O turismo, surgido na época romântica como mercantilização de cenários pré-industriais e entrado agora na fase em que se expandiu a todas as velhas cidades pitorescas onde é possível levar turistas em segurança e conforto, não poderia deixar de se interessar pelo território da velha Coimbra entretanto desertificado. Os turistas encontrarão facilmente um cosy apartment numa ruela estreita da Baixinha, perto de cafés com doçaria regional e de uma nova mercearia típica onde poderão comprar souvenirs em forma de sabonetes artesanais ou de conservas de carapaus em tomate. A cidade que fotografam está morta. A Baixa está morta. A Alta está morta. Foram esvaziadas das múltiplas funções (económicas, sociais, culturais) que lhes permitiam serem habitadas por uma população diversa. Mas a sua materialidade continua lá. Mais ‘típica’ e ‘autêntica’ do que nunca. Recuperada e requalificada em prol da monofuncionalização turística.

Há já alguns anos era editado um livro surpreendente sobre Coimbra chamado “A velha Alta desaparecida”. Na altura, comoveu muitos dos jovens amantes da cidade, que assim ficaram a conhecer o que teve de ser terraplanado para que o Estado Novo erguesse o monumental complexo universitário na zona alta, hoje parte do conjunto classificado como Património Mundial da UNESCO. Quem, como eu, fizera as suas primeiras derivas urbanas naquele cenário sentiu uma revolta difícil de descrever ao ver as imagens do que se perdera. Se hoje se editasse um livro pertinente sobre a mesma cidade, o título teria de ser “Coimbra, cidade desaparecida”. Porque o que entretanto desapareceu não foi um simples fragmento. Foi a cidade inteira. Mas permaneceu a sua forma, numa versão cada dia mais restaurada e higienizada, enquanto mercadoria cultural de consumo turístico, como tem ocorrido em tantas outras cidades, em Portugal e no mundo.

Eis um fado que não pertence só a Coimbra.

About PDuarte

Historiador, jardineiro, horticultor. Vive na província. No tempo vago, que procura multiplicar de dia para dia, perde-se em viagens, algumas pelos montes em redor, outras pelos livros que sempre o acompanham. Prefere o vinho à blogosfera, a blogosfera ao Parlamento.
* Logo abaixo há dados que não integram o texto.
(* Let $G$ be a connected graph on $n\ge 2$ vertices with Wiener index $W(G)$. Then $\gamma(G)\le \dfrac{n^2}{2W(G)}$, with equality if and only if $G$ is transmission-regular.
   Context: For a finite simple undirected graph $G$ with $n$ vertices, let $\mathcal{F}=\{x\in\mathbb{R}^{V(G)} : \sum_{v} x_v = 0,\ \|x\|_\infty = 1\}$, for $x\in\mathcal{F}$ let $\gamma_x(G)=\max_{uv\in E(G)}|x_u-x_v|$, and $\gamma(G)=\min_{x\in\mathcal{F}}\gamma_x(G)$. For a connected graph, $d(u,v)$ is shortest-path distance, $\operatorname{tr}(u)=\sum_v d(u,v)$, and $W(G)=\sum_{\{u,v\}}d(u,v)=\frac12\sum_u\operatorname{tr}(u)$ (sum over unordered pairs). $G$ is transmission-regular if all vertices have the same transmission. *)

From HB Require Import structures.
From mathcomp Require Import all_boot all_order all_algebra.
From mathcomp Require Import classical_sets reals.
Set Implicit Arguments. Unset Strict Implicit. Unset Printing Implicit Defensive.
Import Order.TTheory GRing.Theory Num.Theory.
Local Open Scope ring_scope.
Local Open Scope classical_set_scope.

Definition simple_graph (T : finType) (e : rel T) : Prop :=
  symmetric e /\ irreflexive e.

Definition connected_graph (T : finType) (e : rel T) : Prop :=
  forall u v : T, connect e u v.

Definition walk_k (T : finType) (e : rel T) (k : nat) (u v : T) : bool :=
  [exists p : k.-tuple T, path e u p && (last u p == v)].

(* shortest-path distance: least k with a walk of length k from u to v.
   Searched in [0, #|T|); in a connected graph the distance is <= #|T|-1,
   so this is exactly the graph distance. *)
Definition dist (T : finType) (e : rel T) (u v : T) : nat :=
  find (fun k => walk_k e k u v) (iota 0 #|T|).

Definition transmission (T : finType) (e : rel T) (u : T) : nat :=
  (\sum_(v : T) dist e u v)%N.

(* Wiener index W(G) = (1/2) sum_u tr(u) = sum over unordered pairs *)
Definition wiener (R : realType) (T : finType) (e : rel T) : R :=
  (\sum_(u : T) (transmission e u)%:R) / 2.

Definition transmission_regular (T : finType) (e : rel T) : Prop :=
  forall u v : T, transmission e u = transmission e v.

Definition sup_norm (R : realType) (T : finType) (x : T -> R) : R :=
  \big[Num.max/0]_(v : T) `|x v|.

Definition feasible (R : realType) (T : finType) (x : T -> R) : Prop :=
  \sum_(v : T) x v = 0 /\ sup_norm x = 1.

Definition gamma_x (R : realType) (T : finType) (e : rel T) (x : T -> R) : R :=
  \big[Num.max/0]_(p : T * T | e p.1 p.2) `|x p.1 - x p.2|.

(* gamma(G) = min_{x in F} gamma_x(G), taken as the infimum (the minimum
   is attained by compactness). *)
Definition gamma (R : realType) (T : finType) (e : rel T) : R :=
  inf [set g : R | exists x : T -> R, feasible x /\ g = gamma_x e x].

From mathcomp Require Import all_boot all_order all_algebra.
From mathcomp Require Import classical_sets reals lra.
Set Implicit Arguments. Unset Strict Implicit. Unset Printing Implicit Defensive.
Import Order.TTheory GRing.Theory Num.Theory.
Local Open Scope ring_scope.

(* The proof computes gamma(G) = n / t, where t is the largest transmission.
   If x is feasible and |x_v| = 1, then
     n = sum_w x_v (x_v - x_w) <= gamma_x(G) * sum_w d(v,w) = gamma_x(G) tr(v),
   since x changes by at most gamma_x(G) along each edge of a shortest path;
   so gamma_x(G) >= n / t.  Conversely, for a vertex u of transmission t the
   centred distance function w |-> d(u,w) - t/n changes by at most 1 along
   edges and has sup-norm at least t/n, so after normalisation it is feasible
   with gamma_x(G) <= n / t.  Finally n / t <= n^2 / (2 W(G)) amounts to
   sum_u tr(u) <= n t, with equality iff every transmission equals t. *)

Section Distance.
Variables (T : finType) (e : rel T).

Lemma walk_kP k u v :
  reflect (exists p : seq T, [/\ size p = k, path e u p & last u p = v])
          (walk_k e k u v).
Proof.
apply: (iffP existsP) => [[p /andP[pp /eqP lp]]|[p [sp pp lp]]].
  by exists (tval p); rewrite size_tuple.
have sp' : size p == k by apply/eqP.
by exists (Tuple sp'); rewrite /= pp lp eqxx.
Qed.

Hypothesis conn : connected_graph e.

Lemma walk_lt_card u v : exists2 k, (k < #|T|)%N & walk_k e k u v.
Proof.
have /connectP [p pp lp] := conn u v.
move: lp; case: (shortenP pp) => p' pp' up' _ lp.
exists (size p'); last by apply/walk_kP; exists p'; rewrite -lp.
have /card_uniqP cs := up'.
by have := max_card (mem (u :: p')); rewrite cs.
Qed.

Lemma dist_walk_lt_card u v : walk_k e (dist e u v) u v /\ (dist e u v < #|T|)%N.
Proof.
have [k kN wk] := walk_lt_card u v.
have hs : has (fun k => walk_k e k u v) (iota 0 #|T|).
  by apply/hasP; exists k => //; rewrite mem_iota.
have := hs; rewrite has_find size_iota => lt_find.
by have := nth_find 0%N hs; rewrite /dist nth_iota // add0n.
Qed.

Lemma dist_min u v k : walk_k e k u v -> (dist e u v <= k)%N.
Proof.
move=> wk; have [_ dN] := dist_walk_lt_card u v.
have [kN|] := ltnP k #|T|; last exact: leq_trans (ltnW dN).
rewrite leqNgt; apply/negP => /(before_find 0%N).
by rewrite nth_iota // add0n wk.
Qed.

Lemma dist_refl u : dist e u u = 0%N.
Proof. by apply/eqP; rewrite -leqn0; apply: dist_min; apply/walk_kP; exists [::]. Qed.

Lemma dist_gt0 u v : u != v -> (0 < dist e u v)%N.
Proof.
move=> uv; have [w _] := dist_walk_lt_card u v; rewrite lt0n; apply/negP => /eqP d0.
move: w; rewrite d0 => /walk_kP [p [/size0nil -> _ /= vu]].
by rewrite vu eqxx in uv.
Qed.

Lemma dist_edge u a b : e a b -> (dist e u b <= (dist e u a).+1)%N.
Proof.
move=> eab; apply: dist_min.
have [/walk_kP [p [sp pp lp]] _] := dist_walk_lt_card u a.
apply/walk_kP; exists (rcons p b).
by rewrite size_rcons sp rcons_path pp lp eab last_rcons.
Qed.

Lemma transmission_gt0 u : (2 <= #|T|)%N -> (0 < transmission e u)%N.
Proof.
move=> n2; have [w uw] : exists w, u != w.
  have [a [b [_ _ ab]]] := card_gt1P n2.
  by case: (eqVneq u a) => [->|]; [exists b | exists a].
apply: leq_trans (dist_gt0 uw) _.
by rewrite /transmission (bigD1 w) //= leq_addr.
Qed.

End Distance.

Section Gamma.
Variables (R : realType) (T : finType) (e : rel T).

Lemma gamma_x_ge0 (x : T -> R) : 0 <= gamma_x e x.
Proof. exact: bigmax_ge_id. Qed.

Lemma gamma_x_edge (x : T -> R) a b : e a b -> `|x a - x b| <= gamma_x e x.
Proof. by move=> eab; apply: (@le_bigmax_cond _ _ _ _ (a, b)). Qed.

Lemma le_sup_norm (x : T -> R) w : `|x w| <= sup_norm x.
Proof. exact: (@le_bigmax_cond _ _ _ _ w). Qed.

Lemma sup_norm_attained (x : T -> R) (v0 : T) : exists w, `|x w| = sup_norm x.
Proof.
have [w _ hw] := eq_bigmax v0 predT (fun v => `|x v|) isT (fun i _ => normr_ge0 (x i)).
by exists w; rewrite /sup_norm hw.
Qed.

Lemma gamma_x_path (x : T -> R) v p :
  path e v p -> `|x v - x (last v p)| <= gamma_x e x * (size p)%:R.
Proof.
elim: p v => [|y p IH] v /=; first by rewrite subrr normr0 mulr0.
case/andP=> /(gamma_x_edge x) evy /IH pp.
rewrite -addn1 natrD mulrDr mulr1.
have := ler_normD (x v - x y) (x y - x (last y p)).
rewrite addrA subrK; lra.
Qed.

Lemma gamma_x_scale (x : T -> R) c :
  0 <= c -> gamma_x e (fun w => c * x w) <= c * gamma_x e x.
Proof.
move=> c0; apply: bigmax_le => [|[a b] /= eab]; first exact: mulr_ge0 (gamma_x_ge0 x).
by rewrite -mulrBr normrM ger0_norm // ler_wpM2l // gamma_x_edge.
Qed.

Lemma feasible_normalize (y : T -> R) :
  \sum_v y v = 0 -> 0 < sup_norm y -> feasible (fun w => (sup_norm y)^-1 * y w).
Proof.
move=> sy M0; have Mi0 : 0 < (sup_norm y)^-1 by rewrite invr_gt0.
split; first by rewrite -mulr_sumr sy mulr0.
case: (pickP (fun _ : T => true)) => [v0 _|T0]; last by move: M0; rewrite /sup_norm big_pred0 ?ltxx.
have [w0 hw0] := sup_norm_attained y v0.
apply/le_anti/andP; split.
  apply: bigmax_le => // w _.
  by rewrite normrM gtr0_norm // ler_pdivrMl // mulr1 le_sup_norm.
apply: (bigmax_sup w0) => //.
by rewrite normrM gtr0_norm // hw0 mulVf // gt_eqF.
Qed.

Hypothesis conn : connected_graph e.

Lemma gamma_x_dist (x : T -> R) a b : `|x a - x b| <= gamma_x e x * (dist e a b)%:R.
Proof.
have [/walk_kP [p [<- pp <-]] _] := dist_walk_lt_card conn a b.
exact: gamma_x_path.
Qed.

Lemma card_le_gamma_x_transmission (x : T -> R) (v0 : T) :
  feasible x -> exists v, #|T|%:R <= gamma_x e x * (transmission e v)%:R.
Proof.
move=> [sx nx]; have [v xv1] := sup_norm_attained x v0; rewrite nx in xv1.
exists v.
have -> : #|T|%:R = \sum_w x v * (x v - x w).
  under eq_bigr do rewrite mulrBr.
  rewrite sumrB sumr_const -mulr_sumr sx mulr0 subr0.
  by rewrite -expr2 -real_normK ?num_real // xv1 expr1n.
rewrite /transmission natr_sum mulr_sumr; apply: ler_sum => w _.
apply: le_trans (ler_norm _) (le_trans _ (gamma_x_dist x v w)).
by rewrite normrM xv1 mul1r.
Qed.

Hypothesis sym : symmetric e.

Lemma exists_feasible_gamma_x_le u : (0 < transmission e u)%N ->
  exists z : T -> R, feasible z /\ gamma_x e z <= #|T|%:R / (transmission e u)%:R.
Proof.
move=> tpos; set t : R := (transmission e u)%:R.
have n0 : 0 < #|T|%:R :> R by rewrite ltr0n; apply/card_gt0P; exists u.
have t0 : 0 < t by rewrite ltr0n.
pose y w := (dist e u w)%:R - t / #|T|%:R.
have yM : t / #|T|%:R <= sup_norm y.
  have := le_sup_norm y u; rewrite /y (dist_refl conn) sub0r normrN.
  by rewrite ger0_norm // divr_ge0 // ltW.
have M0 : 0 < sup_norm y by apply: lt_le_trans yM; exact: divr_gt0.
have sy : \sum_v y v = 0.
  rewrite sumrB sumr_const -[_ *+ _]mulr_natr divfK ?gt_eqF // -natr_sum.
  exact: subrr.
have gy : gamma_x e y <= 1.
  apply: bigmax_le => // [[a b] /= eab].
  rewrite /y opprB addrA subrK.
  have r1 : (dist e u b)%:R <= (dist e u a)%:R + 1 :> R.
    by rewrite natr1 ler_nat dist_edge.
  have r2 : (dist e u a)%:R <= (dist e u b)%:R + 1 :> R.
    by rewrite natr1 ler_nat dist_edge // sym.
  rewrite ler_norml; apply/andP; split; lra.
exists (fun w => (sup_norm y)^-1 * y w); split; first exact: feasible_normalize.
have Mi0 : 0 <= (sup_norm y)^-1 by rewrite invr_ge0 ltW.
apply: le_trans (gamma_x_scale y Mi0) (le_trans (ler_wpM2l Mi0 gy) _).
by rewrite mulr1 -invf_div lef_pV2 ?posrE ?divr_gt0.
Qed.
End Gamma.

Lemma gamma_eq_card_div_max_transmission (R : realType) (T : finType) (e : rel T) :
  symmetric e -> connected_graph e -> (2 <= #|T|)%N ->
  gamma R e = #|T|%:R / (\max_(u : T) transmission e u)%N%:R.
Proof.
move=> sym conn n2.
have [u0 tu0] := bigop.eq_bigmax (transmission e) (ltnW n2); rewrite tu0.
have t0 := transmission_gt0 conn u0 n2.
have [z [fz gz]] := exists_feasible_gamma_x_le R conn sym t0.
have gamma_x_ge (x : T -> R) : feasible x -> #|T|%:R / (transmission e u0)%:R <= gamma_x e x.
  move=> fx; have [v hv] := card_le_gamma_x_transmission conn u0 fx.
  rewrite ler_pdivrMr ?ltr0n //; apply: le_trans hv _.
  by rewrite ler_wpM2l ?gamma_x_ge0 // ler_nat -tu0 leq_bigmax.
apply/le_anti/andP; split.
  apply: le_trans gz; apply: ge_inf; last by exists z.
  by exists 0 => g [x [_ ->]]; exact: gamma_x_ge0.
apply: lb_le_inf; first by exists (gamma_x e z), z.
by move=> g [x [fx ->]]; exact: gamma_x_ge.
Qed.

Lemma sum_le_card_mul_bigmax (I : finType) (F : I -> nat) :
  (\sum_i F i <= #|I| * \max_i F i)%N.
Proof. by rewrite -sum_nat_const; apply: leq_sum => i _; exact: leq_bigmax. Qed.

Lemma sum_eq_card_mul_bigmax (I : finType) (F : I -> nat) :
  (\sum_i F i = #|I| * \max_i F i)%N <-> (forall i, F i = \max_i F i).
Proof.
split=> [hS i|hF]; last by rewrite -sum_nat_const; apply: eq_bigr.
apply/eqP; rewrite eqn_leq leq_bigmax /= leqNgt; apply/negP => lt_i.
have : (\sum_i F i < #|I| * \max_i F i)%N.
  rewrite -sum_nat_const (bigD1 i) // [X in (_ < X)%N](bigD1 i) //=.
  by rewrite -addSn leq_add // leq_sum // => j _; exact: leq_bigmax.
by rewrite hS ltnn.
Qed.

Lemma transmission_regularE (T : finType) (e : rel T) :
  transmission_regular e <-> forall u, transmission e u = (\max_v transmission e v)%N.
Proof.
split=> [reg u|hmax u v]; last by rewrite !hmax.
have n0 : (0 < #|T|)%N by apply/card_gt0P; exists u.
by have [u0 ->] := bigop.eq_bigmax (transmission e) n0.
Qed.

Lemma ler_div_sqr_div (R : numFieldType) (n t S : R) : 0 < n -> 0 < t -> 0 < S ->
  (n / t <= n ^+ 2 / S) = (S <= n * t).
Proof.
move=> n0 t0 S0.
by rewrite ler_pdivlMr // mulrAC ler_pdivrMr // expr2 -mulrA ler_pM2l.
Qed.

Lemma eq_div_sqr_div (R : numFieldType) (n t S : R) : 0 < n -> 0 < t -> 0 < S ->
  (n / t == n ^+ 2 / S) = (S == n * t).
Proof.
move=> n0 t0 S0.
by rewrite eqr_div ?(gt_eqF t0) ?(gt_eqF S0) // expr2 -mulrA [S == _]eq_sym (inj_eq (mulfI (lt0r_neq0 n0))).
Qed.

Theorem theorem4p2 (R : realType) (T : finType) (e : rel T) :
  simple_graph e -> connected_graph e -> (2 <= #|T|)%N ->
  gamma R e <= (#|T|%:R ^+ 2) / (2 * wiener R e) /\
  (gamma R e = (#|T|%:R ^+ 2) / (2 * wiener R e) <-> transmission_regular e).
Proof.
move=> [sym _] conn n2.
set tm := (\max_(u : T) transmission e u)%N.
set S := (\sum_(u : T) transmission e u)%N.
have [u0 tu0] := bigop.eq_bigmax (transmission e) (ltnW n2).
have t0 := transmission_gt0 conn u0 n2.
have n0 : 0 < #|T|%:R :> R by rewrite ltr0n ltnW.
have tm0 : 0 < tm%:R :> R by rewrite ltr0n /tm tu0.
have S0 : 0 < S%:R :> R.
  by rewrite ltr0n; apply: leq_trans t0 _; rewrite /S (bigD1 u0) //= leq_addr.
have -> : 2 * wiener R e = S%:R by rewrite /wiener mulrC divfK ?pnatr_eq0 // natr_sum.
rewrite (gamma_eq_card_div_max_transmission R sym conn n2).
rewrite ler_div_sqr_div // -natrM ler_nat sum_le_card_mul_bigmax; split=> //.
rewrite transmission_regularE -sum_eq_card_mul_bigmax (rwP eqP) eq_div_sqr_div //.
by rewrite -natrM eqr_nat; split => /eqP.
Qed.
Uma opinião sobre “Coimbra, cidade desaparecida – deserto, metrópole, espectáculo

  1. Sem um leitura profunda permito-me dizer que tenho reservas em relação à imagem de uma cidade boa outrora, versus cidade má actualmente, embora seja visível e motivo de chacota o estado a que Coimbra chegou.
    Não há dúvida que do ponto de vista do consumidor de cultura nunca houve, como hoje, tantas coisas para fazer, mesmo sem Avenida, Tivoli e Sousa Bastos.
    Infelizmente o território não foi desenhado nem planificado por ninguém.
    A cidade velha sem aspas sempre teve atribuídas as funções simbólica, a de recurso identitário e em menor escala função económica, a de recurso turístico.
    Se o Estado Novo não tivesse erguido” o monumental complexo universitário na zona alta”,
    a desertificação não seria maior? Não quero justificar o crime que aliás continua, desde logo com o contínuo desaparecimento de ruas pavimentadas por calhaus rolados submersos em alcatrão.
    A última foi a rua do Padrão certamente não a pedido da Critical S.
    Lá está, a cidade é dos automóveis.

    Tenho que ler com mais atenção, mas pergunto: 1podemos ter esperança?
    2- onde discutir estes assuntos e outros, nos C por Coimbra?